Someone on Twitter asked how people would sum up yesterday's PAC hearing on tax avoidance in three words. Tongue in cheek, I replied: “Good versus evil”.
The point is that this is a polarised debate on a moral question and despite the grey area tax avoidance occupies between legitimate planning and illegal avoidance, both sides came at it with black and white views. Supporters of the PAC‘s pugnacious approach and those of the Big 4 accountancy firms brought firmly held preconceptions into the room and left with exactly the same ideas.
It is worth noting that PwC’s Kevin Nicholson, KPMG’s Jane McCormick, Ernst & Young’s John Dixon and Deloitte’s Bill Dodwell performed considerably better under Hodge’s aggressive questioning than Google, Amazon and Starbucks did, as you would expect. It is their job to deal with difficult questions of tax structuring. But their answers showed just how far the debate around tax avoidance has moved on and the gulf that now exists between tax advisers and the public.
Hodge seemed less interested in what the firms had to say and more interested in voicing the concerns of an outraged electorate in whose eyes the firms and their clients have a reputational problem.
The inability of the Big 4 to answer how much tax they saved their clients in return for paying their fees could not have looked good. The same could be said about their vagueness concerning their offices in tax havens. It will only add to the public’s idea that no genuine commercial activity takes place on these tropical islands.
At one point Dodwell brushed over the issue of VAT avoidance by big online retailers such as Amazon by saying that low value consignment relief (LVCR) was abolished last year. In doing so, he failed to address an increasing body of evidence which suggests companies are getting around the UK government’s removal of LVCR on Channel Islands mail order by shipping via Belgium.

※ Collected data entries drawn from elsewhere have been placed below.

Lemma bent_consE k x1 x2 x :
  bent k.+2 (cons_idx x1 (cons_idx x2 x)) = hadamard2 F x1 x2 * bent k x.
Proof. by rewrite /= !idx_headK !idx_tailK idx_headK. Qed.

Lemma bent_sign k x : bent k x = 1 \/ bent k x = -1.
Proof.
elim/ltn_ind: k x => -[|[|k]] IH x; try by left.
move: x; apply: cons_idx_ind => x1; apply: cons_idx_ind => x2 x.
rewrite bent_consE; have [->|->] := hadamard2_sign F x1 x2;
  have [->|->] := IH k (ltnW (ltnSn _)) x; rewrite ?mulr1 ?mulrN1 ?opprK; by [left|right].
Qed.

Lemma bent_sq k x : bent k x ^+ 2 = 1.
Proof. by case: (bent_sign x) => ->; rewrite ?sqrrN expr1n. Qed.

Lemma hadamard2_bent_step (x1 x2 : 'I_2) :
  \sum_(y1 < 2) \sum_(y2 < 2) hadamard2 F x1 y1 * hadamard2 F x2 y2 * hadamard2 F y1 y2
  = 2 * hadamard2 F x1 x2.
Proof.
rewrite !sum_ord2 !mxE.
by case: x1 x2 => [[|[|//]] ?] [[|[|//]] ?] /=; ring.
Qed.

Lemma hadamard_bent m x :
  \sum_y hadamard F (m + m) x y * bent (m + m) y = (2 ^ m)%:R * bent (m + m) x.
Proof.
elim: m x => [|m IH] x; first by rewrite big_ord1 /= !mxE; case: x => [[|//] ?] /=; rewrite mulr1.
move: x; have -> : (m.+1 + m.+1 = (m + m).+2)%N by rewrite addnS addSn.
apply: cons_idx_ind => x1; apply: cons_idx_ind => x2 x.
rewrite sum_cons_idx.
under eq_bigr => y1 _ do rewrite sum_cons_idx.
transitivity (\sum_(y1 < 2) \sum_(y2 < 2)
    (hadamard2 F x1 y1 * hadamard2 F x2 y2 * hadamard2 F y1 y2) *
    \sum_y (hadamard F (m + m) x y * bent (m + m) y)).
  apply: eq_bigr => y1 _; apply: eq_bigr => y2 _; rewrite mulr_sumr.
  by apply: eq_bigr => y _; rewrite !hadamard_consE bent_consE; ring.
under eq_bigr => y1 _ do rewrite -mulr_suml.
by rewrite -mulr_suml hadamard2_bent_step IH bent_consE expnS natrM; ring.
Qed.
End BentFunction.
Arguments bent {F} k.

(* For even k = 2m the local bound of H_k is 2^(3m): the upper bound is the
   previous lemma with t = 2^m, and the bent sign pattern attains it. *)
Lemma hadamard_local_bound m : local_bound (hadamard rat (m + m)) = (2 ^ (3 * m))%:R.
Proof.
have t_gt0 : 0 < (2 ^ m)%:R :> rat by rewrite ltr0n expn_gt0.
have bound_eq : (2 ^ (3 * m))%:R = (2 ^ (m + m))%:R * (2 ^ m)%:R :> rat.
  by rewrite -natrM -!expnD; congr (2 ^ _)%:R; lia.
have upper a b : local_value (hadamard rat (m + m)) a b <= (2 ^ (3 * m))%:R.
  rewrite bound_eq; apply: (local_value_le (t := (2 ^ m)%:R)) => // x x'.
  by rewrite hadamard_orth; congr (_ * _); rewrite -natrM -expnD.
pose f := [ffun x => bent (m + m) x == -1 :> rat].
have sgn_f x : sgnb rat (f x) = bent (m + m) x.
  by rewrite ffunE; case: (bent_sign rat x) => ->; rewrite /sgnb ?eqxx.
have attained : local_value (hadamard rat (m + m)) f f = (2 ^ (3 * m))%:R.
  transitivity (\sum_x bent (m + m) x * \sum_y hadamard rat (m + m) x y * bent (m + m) y).
    apply: eq_bigr => x _; rewrite mulr_sumr.
    by apply: eq_bigr => y _; rewrite !sgn_f; ring.
  under eq_bigr => x _ do rewrite hadamard_bent mulrCA -expr2 bent_sq mulr1.
  by rewrite sumr_const card_ord bound_eq mulrC mulr_natr.
apply/eqP; rewrite eq_le; apply/andP; split.
  apply: bigmax_le => [|a _]; first exact: upper.
  by apply: bigmax_le => [|b _]; apply: upper.
rewrite -{1}attained; apply: le_trans (le_bigmax _ _ f).
exact: (le_bigmax _ (fun b => local_value _ f b) f).
Qed.

Lemma hadamard_local_bound_even k :
  ~~ odd k -> local_bound (hadamard rat k) = (2 ^ (3 * k./2))%:R.
Proof.
move=> k_even; have -> : k = (k./2 + k./2)%N.
  by rewrite addnn -[LHS]odd_double_half (negbTE k_even).
by rewrite addnn doubleK -addnn; apply: hadamard_local_bound.
Qed.

Theorem mainTheorem6 (C : numClosedFieldType) (k : nat) (hk : (1 <= k)%N) :
  (* T := sqrt(M1 M2) ||g||_2 = 2^{3k/2}, with M1 = M2 = 2^k *)
  ((exists s : C, largest_singular_value (hadamard C k) s) /\
   (forall s : C, largest_singular_value (hadamard C k) s ->
      sqrtC ((2 ^ k)%:R * (2 ^ k)%:R) * s = sqrtC (2 ^ (3 * k))%:R)) /\
  (* Q(g) = 2^{3k/2}: upper bound for every quantum strategy ... *)
  ((forall (d1 d2 : nat) (rho : 'M[C]_(d1 * d2))
           (A1 : 'I_(2 ^ k) -> 'M[C]_d1) (A2 : 'I_(2 ^ k) -> 'M[C]_d2),
      qstrategy rho A1 A2 ->
      qvalue (hadamard C k) rho A1 A2 <= sqrtC (2 ^ (3 * k))%:R) /\
  (* ... and it is attained *)
   (exists (d1 d2 : nat) (rho : 'M[C]_(d1 * d2))
           (A1 : 'I_(2 ^ k) -> 'M[C]_d1) (A2 : 'I_(2 ^ k) -> 'M[C]_d2),
      qstrategy rho A1 A2 /\
      qvalue (hadamard C k) rho A1 A2 = sqrtC (2 ^ (3 * k))%:R)) /\
  (* for even k, B(g) = 2^{3k/2} *)
  (~~ odd k -> local_bound (hadamard rat k) = (2 ^ (3 * k./2))%:R).
Proof.
split; [split | split; [split | exact: hadamard_local_bound_even]].
- by exists (sqrtC (2 ^ k)%:R); apply/hadamard_singular_value.
- move=> s /hadamard_singular_value ->.
  by rewrite -expr2 sqrCK ?ler0n // mulnC expnM sqrtC_cube.
- by move=> d1 d2 rho A1 A2 [rho_density [obs1 obs2]]; apply: hadamard_quantum_bound.
- exists (2 ^ k)%N, (2 ^ k)%N, (max_entangled C (2 ^ k)).
  exists (tensor_family (alice_obs C) k), (tensor_family (bob_obs C) k).
  by split; [exact: hadamard_optimal_strategy | exact: hadamard_optimal_value].
Qed.
Lemma reverse_complete F u v X Y :
  length (u ++ X) <= r -> positive_word n (u ++ X) -> peq n (u ++ X) (v ++ Y) ->
  reversal_spec n (reverse F u v) X Y.
Proof.
  revert u v X Y; induction F as [|F IHF]; intros u v X Y Hl Hp H; simpl; [exact I|].
  destruct u as [|a u]; [now exists Y; split; [|apply peq_refl]|].
  destruct v as [|b v]; [now exists X; split; [apply peq_refl|apply peq_sym]|].
  simpl in *.
  destruct (IH a b (u ++ X) (v ++ Y) ltac:(lia) Hp H) as (p0 & q0 & Z & E0 & E1 & H0 & H1).
  rewrite E0, E1. inversion Hp as [|? ? _ HuX]; subst.
  pose proof (IHF u p0 X Z ltac:(lia) HuX H0) as R1.
  destruct (reverse F u p0) as [| |p1 q1]; simpl in R1 |- *; try tauto.
  destruct R1 as (Z1 & HX & HZ).
  pose proof (peq_length _ _ _ H) as Hlen. simpl in Hlen.
  apply (positive_word_peq _ _ _ H) in Hp. inversion Hp as [|? ? _ HvY]; subst.
  assert (H2 : peq n (v ++ Y) ((q0 ++ q1) ++ Z1)).
  { apply (peq_trans _ _ _ _ H1). rewrite <- app_assoc. now apply peq_app_l. }
  pose proof (IHF v (q0 ++ q1) Y Z1 ltac:(lia) HvY H2) as R2.
  destruct (reverse F v (q0 ++ q1)) as [| |s t]; simpl in R2 |- *; try tauto.
  destruct R2 as (Z2 & HY & HZ1).
  exists Z2. split; [|exact HY].
  apply (peq_trans _ _ _ _ HX). rewrite <- app_assoc. now apply peq_app_l.
Qed.

Variable fuel : nat.
Hypothesis cube : forall a b c, cube_check fuel a b c = true.

Lemma complemented_trans a b c U T V :
  length T = r -> positive_word n (a :: U) -> positive_word n (c :: T) ->
  positive_word n (b :: V) ->
  complemented n a c U T -> complemented n c b T V -> complemented n a b U V.
Proof.
  intros HlT HU HT HV (ac & ca & Z1 & Eac & Eca & HU1 & HT1)
    (cb & bc & Z2 & Ecb & Ebc & HT2 & HV2).
  apply Forall_cons_iff in HU as [Ha _], HT as [Hc HT], HV as [Hb _].
  assert (Hca : peq n (ca ++ Z1) (cb ++ Z2))
    by (eapply peq_trans; [apply peq_sym|]; eassumption).
  pose proof (peq_length _ _ _ HT1) as Hl.
  apply (positive_word_peq _ _ _ HT1) in HT.
  assert (R : reversal_spec n (reverse fuel ca cb) Z1 Z2)
    by (apply reverse_complete; auto; rewrite <- Hl; lia).
  destruct (cube_check_sound n fuel a b c ac ca cb bc Ha Hb Hc (cube a b c) Eac Eca Ecb Ebc)
    as [E | (p & q & ab & ba & w & E & Eab & Eba & Hp & Hq)];
    rewrite E in R; simpl in R; [contradiction|].
  destruct R as (Z & HZ1 & HZ2).
  exists ab, ba, (w ++ Z). split; [assumption|]. split; [assumption|]. split.
  - apply (peq_trans _ _ _ _ HU1). apply (peq_trans _ _ ((ac ++ p) ++ Z)).
    + rewrite <- app_assoc. now apply peq_app_l.
    + rewrite app_assoc. now apply peq_app_r.
  - apply (peq_trans _ _ _ _ HV2). apply (peq_trans _ _ ((bc ++ q) ++ Z)).
    + rewrite <- app_assoc. now apply peq_app_l.
    + rewrite app_assoc. now apply peq_app_r.
Qed.

Lemma complemented_of_peq W1 W2 : peq n W1 W2 ->
  forall a U b V, W1 = a :: U -> W2 = b :: V -> length U = r -> positive_word n W1 ->
  complemented n a b U V.
Proof.
  induction 1 as [w | u v H IHH | u v w H1 IH1 H2 IH2 | u v l l' Hrel];
    intros a U b V E1 E2; subst; intros HL HP.
  - injection E2 as <- <-. exists [], [], U. rewrite complement_self.
    repeat split; apply peq_refl.
  - pose proof (peq_length _ _ _ H) as L. simpl in L.
    destruct (IHH b V a U eq_refl eq_refl ltac:(lia) (proj2 (positive_word_peq _ _ _ H) HP))
      as (p & q & Z & Ep & Eq & HV & HU).
    now exists q, p, Z.
  - pose proof (peq_length _ _ _ H1) as L.
    destruct v as [|c T]; [discriminate L|].
    assert (HT : length T = r) by (simpl in L; lia).
    pose proof (proj1 (positive_word_peq _ _ _ H1) HP) as HPv.
    pose proof (proj1 (positive_word_peq _ _ _ H2) HPv) as HPw.
    apply (complemented_trans a b c U T V); auto.
  - destruct u as [|x u].
    + destruct l as [|a' l]; [inversion Hrel|]. destruct l' as [|b' l']; [inversion Hrel|].
      injection E1 as <- <-. injection E2 as <- <-.
      destruct (complement_of_sb_rel _ _ _ _ _ Hrel) as [Ea Eb].
      exists l, l', v. repeat split; apply peq_refl || assumption.
    + injection E1 as <- <-. injection E2 as <- <-.
      exists [], [], (u ++ l' ++ v). rewrite complement_self. simpl. repeat split.
      * now apply peq_step.
      * apply peq_refl.
Qed.

End Induction.

Lemma complemented_below_all n r : complemented_below n r.
Proof.
  induction r as [|r IHr]; intros a b U V HL HP H; [lia|].
  destruct (Nat.eq_dec (length U) r) as [<-|].
  - exact (complemented_of_peq n _ IHr cube_fuel cube_check_true _ _ H a U b V
             eq_refl eq_refl eq_refl HP).
  - apply IHr; auto; lia.
Qed.

Lemma left_complement n a b A B :
  in_range n a -> positive_word n A -> peq n (a :: A) (b :: B) ->
  exists p q Z, complement a b = Some p /\ complement b a = Some q /\ positive_word n Z /\
    peq n A (p ++ Z) /\ peq n B (q ++ Z).
Proof.
  intros Ha HA H.
  destruct (complemented_below_all n (S (length A)) a b A B (Nat.lt_succ_diag_r _)
              (Forall_cons _ Ha HA) H) as (p & q & Z & Ep & Eq & HpZ & HqZ).
  exists p, q, Z. split; [assumption|]. split; [assumption|]. split; [|now split].
  now apply (positive_word_peq _ _ _ HpZ), Forall_app in HA.
Qed.

Lemma right_complement n a b A B :
  in_range n a -> positive_word n A -> peq n (A ++ [a]) (B ++ [b]) ->
  exists p q Z, complement a b = Some p /\ complement b a = Some q /\ positive_word n Z /\
    peq n A (Z ++ rev p) /\ peq n B (Z ++ rev q).
Proof.
  intros Ha HA H. apply peq_rev in H. rewrite !rev_app_distr in H.
  apply Forall_rev in HA.
  destruct (left_complement n a b (rev A) (rev B) Ha HA H)
    as (p & q & Z & Ep & Eq & HZ & HpZ & HqZ).
  apply peq_rev in HpZ, HqZ. rewrite rev_involutive, rev_app_distr in HpZ, HqZ.
  exists p, q, (rev Z). split; [assumption|]. split; [assumption|].
  split; [now apply Forall_rev|]. now split.
Qed.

The firms agreed that greater transparency is necessary, but it was clear that their idea of transparency differed greatly from the PAC’s. Dodwell explicitly rejected the idea of country-by-country reporting (CBCR) because it would be “too costly”, but if the Big 4 want to win this argument they will have to explain in clear terms how CBCR would be any more costly when companies will already be collecting this information. Otherwise it looks to a suspicious public as though corporates are only opposed to CBCR because they want to avoid taxes.
Advisers are right to point out that tax is complex. But it is not the public’s lack of understanding that has led to popular anger. Quite the opposite. The public has become aware of how the global tax system operates and it does not like it.
The problem is that the closed circles of the accountancy world, among which minimising clients’ tax bills is an unquestioned good, is isolated from public opinion, which has concluded that big corporations dodging taxes while services are cut is very much a bad thing.
That the two sides occupy two different worlds was apparent at the hearing.
At the end, Hodge asked a question which she said was rhetorical. But in a way, the entire hearing was rhetorical. For corporations and their advisers to restore their reputation, and for governments to design better laws, both sides will need to begin a more open and cooperative dialogue and work together to answer the question of what constitutes a fair share of tax and what requirements the spirit of the law places on companies.